Sebagai organisasi yang fokus pada pengembangan masyarakat dan percepatan peningkatan kualitas SDM, Elang Khatulistiwa Indonesia menilai penyusunan standar kompetensi merupakan langkah strategis dalam memperkuat ekosistem pariwisata nasional. Standar yang jelas akan menjadi acuan bagi para pemandu wisata untuk menjalankan tugas secara profesional dengan mengutamakan aspek pelayanan, keamanan, dan keselamatan wisatawan.
Menurut Abby, standar kompetensi juga akan memberikan kepastian terhadap kualitas layanan yang diberikan oleh para pemandu geowisata. Dengan demikian, wisatawan dapat memperoleh pengalaman yang lebih baik sekaligus meningkatkan daya saing destinasi wisata Indonesia di tingkat nasional maupun internasional.

Pandangan serupa disampaikan oleh perwakilan Sahabat Elang Indonesia, Andi Sukendi. Ia menyebut konvensi nasional tersebut merupakan tahapan penting dalam rangkaian penyusunan RSKKNI yang sebelumnya telah melalui berbagai proses diskusi, kajian, dan pelibatan para pemangku kepentingan.
“Kami hadir untuk memberikan masukan dan pemikiran dalam penyusunan standar kompetensi yang relevan dengan kebutuhan industri. Harapannya, standar yang dihasilkan dapat menjadi landasan yang kuat dalam meningkatkan profesionalisme, keterampilan, pengetahuan, dan sikap kerja para pemandu geowisata,” kata Andi.

Sementara itu, Menteri Pariwisata dan Ekonomi Kreatif, Sandiaga Salahuddin Uno, saat membuka Konvensi Nasional Rancangan SKKNI 12 Bidang Pariwisata di Jakarta menegaskan bahwa penguatan kompetensi SDM merupakan bagian penting dalam pembangunan sektor pariwisata dan ekonomi kreatif yang berkelanjutan.
Menurutnya, SKKNI menjadi instrumen penting dalam mengukur serta memastikan kompetensi tenaga kerja sesuai dengan bidang keahlian masing-masing. Standar tersebut juga berfungsi sebagai pedoman dalam pengembangan kompetensi dan peningkatan kualitas layanan di industri pariwisata.
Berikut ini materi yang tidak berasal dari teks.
(* In the multi-period single-sector model described in the context, for $n+m \le N_{t_k}$, \begin{displaymath} \mathbb{P}\left(D_{t_{k+1}} - D_{t_k} = n \mid I_{t_{k}} = m; N_{t_k}\right) = \tilde{P}\left(n; N_{t_k} - m, \eta_S + m \eta_{FS}, \eta_{FS}, \eta_{F}\right), \end{displaymath} where $\tilde{P}(n;N,\eta_S,\eta_{FS},\eta_F) := \mathbb{P}\left(\sum_{i=1}^N X_i=n\right) = \frac{1}{Z_1}\binom{N}{n}\left[e^{n\eta_F} + e^{\eta_S + n\eta_F + n\eta_{FS}}\right]$ is the loss distribution of the one-period single-sector model with $N$ firms and parameters $(\eta_S,\eta_{FS},\eta_F)$, and $Z_{N,\eta_S,\eta_{FS},\eta_F}:=Z_1 = (1+e^{\eta_F})^N + e^{\eta_S}(1+e^{\eta_F+\eta_{FS}})^N$ is its normalization constant.
   Context: One-period single-sector model: for $N$ firms with default indicators $X_1,\dots,X_N\in\{0,1\}$ and real parameters $\eta_S,\eta_{FS},\eta_F$ (obtained by summing out one binary sector node connected to all firms in an Ising-type graphical model), $\mathbb{P}(X_1=x_1,\dots,X_N=x_N) = \frac{1}{Z_1}\left(e^{\eta_F\sum_i x_i} + e^{\eta_S + (\eta_{FS}+\eta_F)\sum_i x_i}\right)$ with $Z_1=(1+e^{\eta_F})^N + e^{\eta_S}(1+e^{\eta_F+\eta_{FS}})^N$. Multi-period construction: start with a single-sector graph with $N$ firms at payment dates $t_0=0<t_1<\dots$. Let $D_{t_k}$ be the number of firms defaulted up to $t_k$ and $N_{t_k}$ the number of firms remaining in the system, with $D_0=0$, $N_0=N$. At the beginning of each period each defaulted node still in the system is removed independently with probability $p_R$. The number of firms currently in default and still in the system is $I_{t_k} = D_{t_k} + N_{t_k} - N$. The number of additional defaults in $(t_k,t_{k+1})$ is defined by conditioning the one-period single-sector distribution on $N_{t_k}$ firms, with the $m$ in-default firms labelled $1,\dots,m$: $\mathbb{P}(D_{t_{k+1}} - D_{t_k} = n \mid I_{t_k} = m; N_{t_k}) := \sum_{i_1,\dots,i_n \in \{m+1,\dots,N_{t_k}\}} \mathbb{P}(X_{i_1}=\dots=X_{i_n}=1, X_{i_{n+1}}=\dots=X_{i_{N_{t_k}}}=0 \mid X_1=\dots=X_m=1)$, for $n+m\le N_{t_k}$ (the sum running over choices of the $n$ newly defaulting firms among the $N_{t_k}-m$ non-defaulted ones, the remaining ones surviving). *)

From HB Require Import structures.
From mathcomp Require Import all_boot all_order all_algebra.
From mathcomp Require Import reals.
From mathcomp Require Import sequences exp.
Set Implicit Arguments. Unset Strict Implicit. Unset Printing Implicit Defensive.
Import Order.TTheory GRing.Theory Num.Theory.
Local Open Scope ring_scope.

Section OnePeriod.
Variable R : realType.

Definition Z1 (N : nat) (eS eFS eF : R) : R :=
  (1 + expR eF) ^+ N + expR eS * (1 + expR (eF + eFS)) ^+ N.

Definition ndef (N : nat) (x : {ffun 'I_N -> bool}) : nat := \sum_(i < N) x i.

Definition pmf (N : nat) (eS eFS eF : R) (x : {ffun 'I_N -> bool}) : R :=
  (expR (eF * (ndef x)%:R) + expR (eS + (eFS + eF) * (ndef x)%:R)) / Z1 N eS eFS eF.

Definition prob (N : nat) (eS eFS eF : R) (A : pred {ffun 'I_N -> bool}) : R :=
  \sum_(x | A x) pmf eS eFS eF x.

Definition cprob (N : nat) (eS eFS eF : R) (A B : pred {ffun 'I_N -> bool}) : R :=
  prob eS eFS eF [pred x | A x && B x] / prob eS eFS eF B.

Definition Ptilde (n N : nat) (eS eFS eF : R) : R :=
  ('C(N, n))%:R * (expR (n%:R * eF) + expR (eS + n%:R * eF + n%:R * eFS))
  / Z1 N eS eFS eF.

(* P(D_{t_{k+1}} - D_{t_k} = n | I_{t_k} = m; N_{t_k} = Nt):
   firms are indexed by 'I_Nt; the m in-default firms are those with index < m
   (the paper's labels 1..m). Sum over sets S of n non-defaulted firms (index >= m)
   of P(X_i = 1 for i in S, X_i = 0 for the other non-defaulted i | X_i = 1 for i < m). *)
Definition trans_prob (Nt m n : nat) (eS eFS eF : R) : R :=
  \sum_(S : {set 'I_Nt} | [forall i, (i \in S) ==> (m <= i)%N] && (#|S| == n))
    cprob eS eFS eF
      [pred x : {ffun 'I_Nt -> bool} | [forall i : 'I_Nt, (m <= i)%N ==> (x i == (i \in S))]]
      [pred x : {ffun 'I_Nt -> bool} | [forall i : 'I_Nt, (i < m)%N ==> x i]].

End OnePeriod.

From HB Require Import structures.
From mathcomp Require Import all_boot all_order all_algebra.
From mathcomp Require Import reals.
From mathcomp Require Import sequences exp.
From mathcomp Require Import ring.
Set Implicit Arguments. Unset Strict Implicit. Unset Printing Implicit Defensive.
Import Order.TTheory GRing.Theory Num.Theory.
Local Open Scope ring_scope.

(* The law of a configuration depends only on its number k of defaults, through the
   weight e^(k eF) + e^(eS + k (eF + eFS)). Summed over the configurations in which
   m given firms are in default, these weights give e^(m eF) times the normalization
   constant of the model with N - m firms and sector parameter eS + m eFS; and a
   configuration with m + n defaults has weight e^(m eF) times the weight of n
   defaults in that same shifted model. So each of the C(N - m, n) terms of the
   transition probability is the shifted one-period probability of a given set of
   n defaults, the factor e^(m eF) cancelling. *)

Lemma card_ord_ltn (N m : nat) : (m <= N)%N -> #|[set i : 'I_N | (i < m)%N]| = m.
Proof.
move=> le_mN; have widen_inj : injective (widen_ord le_mN).
  by move=> i j /(congr1 val) /= /val_inj.
rewrite -[in RHS](card_ord m) -cardsT -(card_imset _ widen_inj).
apply: eq_card => i; rewrite inE; apply/idP/imsetP => [lt_im | [j _ ->]].
  by exists (Ordinal lt_im) => //; apply: val_inj.
exact: (ltn_ord j).
Qed.

Lemma card_ord_geq (N m : nat) : (m <= N)%N -> #|[set i : 'I_N | (m <= i)%N]| = (N - m)%N.
Proof.
move=> le_mN; have := cardsC [set i : 'I_N | (i < m)%N].
have -> : ~: [set i : 'I_N | (i < m)%N] = [set i : 'I_N | (m <= i)%N].
  by apply/setP => i; rewrite !inE -leqNgt.
rewrite card_ord_ltn // => /(congr1 (subn^~ m)); rewrite addKn => ->.
by congr (_ - _)%N; exact: card_ord.
Qed.

Lemma ndef_card (N : nat) (x : {ffun 'I_N -> bool}) : ndef x = #|[set i | x i]|.
Proof. by rewrite /ndef -sum1dep_card [RHS]big_mkcond; apply: eq_bigr => i _; case: (x i). Qed.

Lemma sum_forced_expr (R : comPzSemiRingType) (N : nat) (P : pred 'I_N) (c : R) :
  \sum_(x : {ffun 'I_N -> bool} | [forall i, P i ==> x i]) c ^+ ndef x
  = c ^+ #|P| * (1 + c) ^+ #|[predC P]|.
Proof.
pose F (i : 'I_N) (b : bool) : R := if b then c else if P i then 0 else 1.
transitivity (\sum_(x : {ffun 'I_N -> bool}) \prod_i F i (x i)).
  rewrite big_mkcond; apply: eq_bigr => x _; case: ifP => [/forallP forced | ].
    rewrite /ndef expr_sum; apply: eq_bigr => i _ /=.
    by have := forced i; rewrite /F; case: (x i); case: (P i).
  move/negbT/forallPn => [i]; rewrite negb_imply => /andP[Pi not_xi].
  by rewrite (bigD1 i) //= /F (negbTE not_xi) Pi mul0r.
rewrite -(bigA_distr_bigA F) (eq_bigr (fun i => if P i then c else 1 + c)); last first.
  by move=> i _; rewrite big_bool /F /=; case: (P i); rewrite ?addr0 // addrC.
by rewrite big_if /= !prodr_const.
Qed.

Lemma card_draws_geq (N m n : nat) : (m <= N)%N ->
  #|[pred S : {set 'I_N} | [forall i, (i \in S) ==> (m <= i)%N] && (#|S| == n)]|
  = 'C(N - m, n).
Proof.
move=> le_mN; rewrite -card_ord_geq // -cards_draws; apply: eq_card => S.
rewrite !inE; congr (_ && _); apply/forallP/subsetP => [S_geq i | S_geq i].
  by move/(implyP (S_geq i)); rewrite inE.
by apply/implyP => /S_geq; rewrite inE.
Qed.

Definition default_config (N m : nat) (S : {set 'I_N}) : {ffun 'I_N -> bool} :=
  [ffun i : 'I_N => (i < m)%N || (i \in S)].

Lemma ndef_default_config (N m : nat) (S : {set 'I_N}) :
  (m <= N)%N -> [forall i : 'I_N, (i \in S) ==> (m <= i)%N] ->
  ndef (default_config m S) = (m + #|S|)%N.
Proof.
move=> le_mN /forallP S_geq; rewrite ndef_card -[in RHS](card_ord_ltn le_mN) -cardsUI.
have -> : [set i : 'I_N | (i < m)%N] :&: S = set0.
  apply/setP => i; rewrite !inE.
  by apply/negbTE/andP => -[lt_im /(implyP (S_geq i))]; rewrite leqNgt lt_im.
have -> : [set i | default_config m S i] = [set i : 'I_N | (i < m)%N] :|: S.
  by apply/setP => i; rewrite !inE ffunE.
by rewrite cards0 addn0.
Qed.

Lemma forall_eq_default_config (N m : nat) (S : {set 'I_N}) :
  [forall i : 'I_N, (i \in S) ==> (m <= i)%N] -> forall x : {ffun 'I_N -> bool},
  [forall i : 'I_N, (m <= i)%N ==> (x i == (i \in S))] && [forall i : 'I_N, (i < m)%N ==> x i]
  = (x == default_config m S).
Proof.
move=> /forallP S_geq x; apply/andP/eqP => [[/forallP x_high /forallP x_low] | ->].
  apply/ffunP => i; rewrite ffunE; case: (ltnP i m) => [lt_im | le_mi] /=.
    exact: implyP (x_low i) lt_im.
  exact/eqP/(implyP (x_high i) le_mi).
split; apply/forallP => i; apply/implyP => hi; rewrite ffunE.
  by rewrite ltnNge hi.
by rewrite hi.
Qed.

Section SingleSector.
Variable R : realType.
Implicit Types (eS eFS eF : R) (N m n k : nat).

Definition weight eS eFS eF k : R := expR (eF * k%:R) + expR (eS + (eFS + eF) * k%:R).

Lemma Z1_gt0 N eS eFS eF : 0 < Z1 N eS eFS eF.
Proof. by rewrite /Z1 addr_gt0 ?mulr_gt0 ?exprn_gt0 ?addr_gt0 ?expR_gt0. Qed.

Lemma weightE eS eFS eF k :
  weight eS eFS eF k = expR eF ^+ k + expR eS * expR (eF + eFS) ^+ k.
Proof. by rewrite /weight expRD expRM_natr (addrC eFS) expRM_natr. Qed.

Lemma weight_addn eS eFS eF m n :
  weight eS eFS eF (m + n) = expR eF ^+ m * weight (eS + m%:R * eFS) eFS eF n.
Proof. by rewrite !weightE (expRD eS) expRM_natl (expRD eF) !exprD !exprMn; ring. Qed.

Lemma Ptilde_weight n N eS eFS eF :
  Ptilde n N eS eFS eF = 'C(N, n)%:R * weight eS eFS eF n / Z1 N eS eFS eF.
Proof.
rewrite /Ptilde /weight; congr (_ * (expR _ + expR _) / _); first exact: mulrC.
by ring.
Qed.

Lemma sum_weight_forced N m eS eFS eF : (m <= N)%N ->
  \sum_(x : {ffun 'I_N -> bool} | [forall i : 'I_N, (i < m)%N ==> x i])
     weight eS eFS eF (ndef x)
  = expR eF ^+ m * Z1 (N - m) (eS + m%:R * eFS) eFS eF.
Proof.
move=> le_mN; under eq_bigr do rewrite weightE.
pose low := [pred i : 'I_N | (i < m)%N].
rewrite big_split -big_distrr /= !(sum_forced_expr low).
have -> : #|low| = m by rewrite -cardsE card_ord_ltn.
have -> : #|[predC low]| = (N - m)%N.
  by rewrite -cardsE -(card_ord_geq le_mN); apply: eq_card => i; rewrite !inE -leqNgt.
by rewrite /Z1 (expRD eS) expRM_natl (expRD eF) !exprMn; ring.
Qed.

Lemma pmf_weight N eS eFS eF (x : {ffun 'I_N -> bool}) :
  pmf eS eFS eF x = weight eS eFS eF (ndef x) / Z1 N eS eFS eF.
Proof. by []. Qed.

Lemma cprob_pred1 N eS eFS eF (A B : pred {ffun 'I_N -> bool}) (x0 : {ffun 'I_N -> bool}) :
  (forall x, A x && B x = (x == x0)) ->
  cprob eS eFS eF A B
  = weight eS eFS eF (ndef x0) / \sum_(x | B x) weight eS eFS eF (ndef x).
Proof.
move=> AB_x0; rewrite /cprob /prob (big_pred1 x0) // pmf_weight.
under eq_bigr do rewrite pmf_weight.
by rewrite -big_distrl /= invf_div mulrA divfK // lt0r_neq0 // Z1_gt0.
Qed.

End SingleSector.

Theorem proposition3 (R : realType) (eS eFS eF : R) (Nt m n : nat) :
  (n + m <= Nt)%N ->
  trans_prob Nt m n eS eFS eF = Ptilde n (Nt - m) (eS + m%:R * eFS) eFS eF.
Proof.
move=> le_nm_N; have le_mN : (m <= Nt)%N := leq_trans (leq_addl n m) le_nm_N.
set Z' := Z1 (Nt - m) (eS + m%:R * eFS) eFS eF.
rewrite /trans_prob (eq_bigr (fun=> weight eS eFS eF (m + n) / (expR eF ^+ m * Z'))).
  rewrite sumr_const card_draws_geq // weight_addn Ptilde_weight.
  rewrite -[_ *+ 'C(_, _)]mulr_natl -mulf_div divff ?mul1r ?mulrA //.
  by rewrite expf_neq0 // lt0r_neq0 // expR_gt0.
move=> S /andP[S_geq /eqP card_S].
rewrite (cprob_pred1 _ _ _ (forall_eq_default_config S_geq)) sum_weight_forced //.
by rewrite ndef_default_config // card_S.
Qed.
Sandiaga menjelaskan bahwa proses penyusunan SKKNI memerlukan tahapan yang panjang dan melibatkan banyak pihak. Pada tahun 2022, penyusunan mencakup 14 bidang pariwisata dengan waktu pengerjaan sekitar empat bulan. Sementara pada tahun 2023, penyusunan dilakukan terhadap 12 bidang pariwisata yang terbagi dalam dua tahap pelaksanaan.
Ia juga menyampaikan apresiasi kepada seluruh tim perumus, organisasi profesi, akademisi, serta para pemangku kepentingan yang telah berkontribusi dalam proses penyusunan standar kompetensi tersebut.
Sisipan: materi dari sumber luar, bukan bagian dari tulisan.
Lemma psiX1_deg2 x y : val x != 1%N -> val y != 1%N -> psiX1 x y = 0.
Proof.
move=> /negbTE x_neq1 /negbTE y_neq1; apply: psi_hom.
by rewrite !gdegE /= x_neq1 y_neq1; repeat case: ifP.
Qed.

Lemma psiX1_X1l x y : val x = 0%N -> psiX1 x y = 0.
Proof. by move=> x0; apply: psi_hom; rewrite !gdegE /= x0; repeat case: ifP. Qed.

Lemma psiX1_X2X2 : psiX1 X2 X2 = 0.
Proof. exact: psi_hom. Qed.

Lemma deg1_valueE x y : psi (x, y) = psiX1 x y *: e1.
Proof.
apply/rowP => l; rewrite !mxE.
have [l0|l_neq0] := eqVneq (val l) 0%N.
  by rewrite (_ : l = X1) ?mulr1 //; apply: val_inj.
rewrite mulr0.
have [/andP[/eqP x1 /eqP y1]|not_X2X2] := boolP ((val x == 1%N) && (val y == 1%N)).
  have -> : x = X2 by apply: val_inj.
  have -> : y = X2 by apply: val_inj.
  by apply/eqP; rewrite -eqNr {2}psi_alt mxE.
apply: psi_hom; rewrite !gdegE (negbTE l_neq0).
by move: not_X2X2; case: (val x == 1%N); case: (val y == 1%N) => //= _; repeat case: ifP.
Qed.

Lemma psiX1E x y :
  psiX1 x y = if (val x == 1%N) && (2 <= val y)%N then psiX1 X2 y
              else if (2 <= val x)%N && (val y == 1%N) then - psiX1 X2 x else 0.
Proof.
have eqX2 z : val z = 1%N -> z = X2 by move=> z1; apply: val_inj.
have [x1|x_neq1] := eqVneq (val x) 1%N; have [y1|y_neq1] := eqVneq (val y) 1%N.
- by rewrite (eqX2 x x1) (eqX2 y y1) psiX1_X2X2.
- rewrite (eqX2 x x1) /=; case: (leqP 2 (val y)) => [//|y_lt2] /=.
  by rewrite psiX1_antisym psiX1_X1l ?oppr0 //; lia.
- rewrite (eqX2 y y1) andbT /=; case: (leqP 2 (val x)) => [_|x_lt2].
    exact: psiX1_antisym.
  by rewrite psiX1_X1l //; lia.
- by rewrite !andbF psiX1_deg2.
Qed.

End Shape.

Lemma deg1_alternating_lin (a : C) psi psi' :
  deg1_alternating psi -> deg1_alternating psi' -> deg1_alternating (a *: psi + psi').
Proof.
move=> [alt hom] [alt' hom']; split=> [i j|i j l hl].
  by rewrite !ffunE alt alt' opprD scalerN.
by rewrite !ffunE !mxE hom // hom' // mulr0 addr0.
Qed.

Lemma deg1_alternating0 : deg1_alternating 0.
Proof. by split=> [i j|i j l _]; rewrite !ffunE ?mxE ?oppr0. Qed.

Lemma deg1_alternating_psi2 jj : (2 <= val jj)%N -> deg1_alternating (psi2 R jj).
Proof.
move=> jj_ge2; have jj_neq1 : val jj != 1%N by apply/eqP; lia.
have jj_neq0 : val jj != 0%N by apply/eqP; lia.
split=> [i j|i j l]; rewrite !ffunE /=.
  have [->|_] := eqVneq i jj; have [->|_] := eqVneq j jj;
    rewrite ?andbT ?andbF /= ?eqxx ?(negbTE jj_neq1) ?oppr0 //;
    by case: (_ == 1%N); rewrite ?opprK ?oppr0.
case: ifP => [/andP[/eqP i1 /eqP ->]|_].
  move=> hl; rewrite mxE; case: (eqVneq (val l) 0%N) hl => [l0|//].
  by rewrite !gdegE i1 l0 (negbTE jj_neq0) (negbTE jj_neq1).
case: ifP => [/andP[/eqP -> /eqP j1]|_]; last by rewrite mxE.
move=> hl; rewrite !mxE; case: (eqVneq (val l) 0%N) hl => [l0|]; rewrite ?oppr0 //.
by rewrite !gdegE j1 l0 (negbTE jj_neq0) (negbTE jj_neq1).
Qed.

Lemma sum_psi2E (c : 'I_n -> C) x y :
  (\sum_(jj | (2 <= val jj)%N) c jj *: psi2 R jj) (x, y) =
  (if (val x == 1%N) && (2 <= val y)%N then c y
   else if (2 <= val x)%N && (val y == 1%N) then - c x else 0) *: e1.
Proof.
rewrite sum_ffunE; under eq_bigr do rewrite !ffunE /=.
have neq_ge2 (z jj : 'I_n) : ~~ (2 <= val z)%N -> (2 <= val jj)%N -> (z == jj) = false.
  by move=> z_lt2 jj_ge2; apply: contraNF z_lt2 => /eqP->.
have [x1|x_neq1] := eqVneq (val x) 1%N.
  have x_lt2 : ~~ (2 <= val x)%N by rewrite x1.
  rewrite x1 /=; case: (boolP (2 <= val y)%N) => [y_ge2|y_lt2].
    rewrite (bigD1 y) //= eqxx big1 ?addr0 // => jj /andP[jj_ge2].
    by rewrite eq_sym => /negbTE->; rewrite neq_ge2 ?scaler0.
  by rewrite scale0r big1 // => jj jj_ge2; rewrite !neq_ge2 ?scaler0.
under eq_bigr do rewrite andFb.
case: (boolP (2 <= val x)%N) => [x_ge2|x_lt2] /=.
  case: ifP => [y1|_]; last by rewrite scale0r big1 // => jj _; rewrite andbF scaler0.
  rewrite (bigD1 x) //= eqxx big1 ?addr0 ?scalerN ?scaleNr // => jj /andP[_].
  by rewrite eq_sym => /negbTE->; rewrite scaler0.
by rewrite scale0r big1 // => jj jj_ge2; rewrite neq_ge2 ?scaler0.
Qed.

Lemma deg1_expansion psi : deg1_alternating psi ->
  psi = \sum_(jj | (2 <= val jj)%N) psiX1 psi X2 jj *: psi2 R jj.
Proof.
by move=> [alt hom]; apply/ffunP => -[x y]; rewrite sum_psi2E deg1_valueE // psiX1E.
Qed.

Local Notation family := (psi2_family R n).
Local Notation indices := [seq jj <- enum 'I_n | (2 <= val jj)%N].

Lemma span_psi2P psi : reflect (deg1_alternating psi) (psi \in <<family>>%VS).
Proof.
apply: (iffP idP) => [|deg1]; last first.
  rewrite (deg1_expansion deg1); apply: rpred_sum => jj jj_ge2.
  by apply/rpredZ/memv_span/mapP; exists jj; rewrite // mem_filter jj_ge2 mem_enum.
move=> /(@coord_span _ _ _ (in_tuple family)) ->.
apply: (big_ind deg1_alternating) => [|x y dx dy|i _]; first exact: deg1_alternating0.
  by rewrite -[x]scale1r; apply: deg1_alternating_lin.
rewrite -[_ *: _]addr0; apply: deg1_alternating_lin; last exact: deg1_alternating0.
have /mapP[jj] : family`_i \in family by apply: mem_nth.
by rewrite mem_filter => /andP[jj_ge2 _] ->; apply: deg1_alternating_psi2.
Qed.

Lemma free_psi2 : free family.
Proof.
apply/(@freeP _ _ _ (in_tuple family)) => k k0 i.
have size_idx (j : 'I_(size family)) : (j < size indices)%N by rewrite -(size_map (@psi2 R n)).
have := congr1 (fun psi : cochain R n => psi (X2, nth X2 indices i) 0 X1) k0.
rewrite /= ffunE mxE sum_ffunE summxE (bigD1 i) //= big1 => [|j j_neq_i].
  rewrite ffunE mxE (nth_map X2 _ _ (size_idx i)) ffunE /= eqxx mxE /=.
  by rewrite mulr1 addr0.
rewrite ffunE mxE (nth_map X2 _ _ (size_idx j)) ffunE /=.
case: ifP => [/eqP nth_eq|_].
  move: j_neq_i; rewrite -(inj_eq val_inj) /= -(nth_uniq X2 (size_idx j) (size_idx i)).
    by rewrite nth_eq eqxx.
  by rewrite filter_uniq // enum_uniq.
case: ifP => [/andP[/eqP nthX2 _]|_]; last by rewrite mxE mulr0.
have := mem_nth X2 (size_idx j); rewrite -nthX2 mem_filter /=; lia.
Qed.

Lemma dim_span_psi2 : \dim <<family>>%VS = (n - 2)%N.
Proof.
rewrite (eqP free_psi2) size_map size_filter.
rewrite -(count_map val (fun m => 2 <= m)%N) val_enum_ord.
rewrite -{1}(subnKC n_gt1) iotaD count_cat /= (@eq_in_count _ _ predT).
  by rewrite count_predT size_iota.
by move=> m; rewrite mem_iota => /andP[].
Qed.

End Degree1Cochains.

Section Cocycle.
Variables (R : realType) (p : nat) (phi : 'I_p.-1 -> R[i]).
Hypothesis p_ge2 : (2 <= p)%N.
Local Notation n := (2 * p)%N.
Local Notation C := R[i].
Local Notation e1 := (ev R n 0).

Lemma twice_gt1 : (1 < n)%N. Proof. lia. Qed.

Lemma brb_antisym a b : brb phi a b = - brb phi b a.
Proof.
rewrite /brb; case: a => [|[|a]]; case: b => [|[|b]] /=; rewrite ?oppr0 ?opprK //.
all: try (case: eqP => [->|nb]; case: eqP => [|na]; rewrite ?oppr0 ?opprK //; try lia).
all: try move=> _; rewrite ?andbT ?andbF /=; try case: ifP => _; by rewrite ?oppr0 ?opprK.
Qed.

Lemma brb_coordX2 a b (m : 'I_n) : val m = 1%N -> brb phi a b 0 m = 0.
Proof.
move=> m1; rewrite /brb; case: a => [|[|a]]; case: b => [|[|b]] /=;
  repeat case: ifP => _; rewrite !mxE ?m1 //= ?mxE ?m1 //= ?mulr0 ?oppr0 //.
Qed.

Lemma brb_coord_deg1 a b (m : 'I_n) :
  a != 1%N -> b != 1%N -> val m != 0%N -> brb phi a b 0 m = 0.
Proof.
move=> a_neq1 b_neq1 /negbTE m_neq0; rewrite /brb.
case: a a_neq1 => [|[|a]] //= _; case: b b_neq1 => [|[|b]] //= _;
  repeat case: ifP => _; rewrite ?mxE ?m_neq0 ?oppr0 //.
Qed.

Lemma adL_scale_e1 (a : nat) (s : C) :
  adL phi a (s *: e1) = (if a == 1%N then - s else 0) *: e1.
Proof.
rewrite /adL (bigD1 (X1 twice_gt1)) //= big1 => [|j j_neq0].
  rewrite !mxE /= mulr1 addr0 (_ : brb phi a 0 = if a == 1%N then - e1 else 0).
    by case: ifP; rewrite ?scaler0 ?scale0r ?scalerN ?scaleNr.
  by case: a => [|[|a]].
rewrite !mxE (_ : (val j == 0%N) = false) ?mulr0 ?scale0r //.
by apply/negbTE; apply: contra j_neq0 => /eqP j0; apply/eqP/val_inj.
Qed.

Section Degree1.
Variable psi : cochain R n.
Hypotheses (psi_alt : alternating psi) (psi_hom : homogeneous 1 psi).
Local Notation f := (psiX1 twice_gt1 psi).

Definition bracket_coord (a b c : 'I_n) : C := \sum_i brb phi a b 0 i * f i c.

Lemma psiL_deg1 (a b c : 'I_n) : psiL psi (brb phi a b) c = bracket_coord a b c *: e1.
Proof.
rewrite /psiL /bracket_coord scaler_suml.
by apply: eq_bigr => i _; rewrite (deg1_valueE twice_gt1) // scalerA.
Qed.

Lemma bracket_coord_antisym a b c : bracket_coord a b c = - bracket_coord b a c.
Proof. by rewrite -sumrN; apply: eq_bigr => i _; rewrite brb_antisym mxE mulNr. Qed.

Lemma bracket_coord_r (a b c : 'I_n) : val c != 1%N -> bracket_coord a b c = 0.
Proof.
move=> c_neq1; rewrite /bracket_coord big1 // => i _.
have [i1|i_neq1] := eqVneq (val i) 1%N; first by rewrite brb_coordX2 ?mul0r.
by rewrite psiX1_deg2 ?mulr0.
Qed.

Lemma bracket_coord_deg1 (a b c : 'I_n) :
  val a != 1%N -> val b != 1%N -> bracket_coord a b c = 0.
Proof.
move=> a_neq1 b_neq1; rewrite /bracket_coord big1 // => i _.
have [i0|i_neq0] := eqVneq (val i) 0%N; first by rewrite psiX1_X1l ?mulr0.
by rewrite brb_coord_deg1 ?mul0r.
Qed.

Lemma bracket_coord_X2X2 c : bracket_coord (X2 twice_gt1) (X2 twice_gt1) c = 0.
Proof. by rewrite /bracket_coord big1 // => i _; rewrite mxE mul0r. Qed.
Melalui keterlibatan aktif berbagai pihak, termasuk komunitas dan organisasi masyarakat seperti Elang Khatulistiwa Indonesia, diharapkan lahir standar kompetensi yang mampu menjawab kebutuhan industri sekaligus mendukung terwujudnya SDM pariwisata Indonesia yang unggul, profesional, dan berdaya saing global.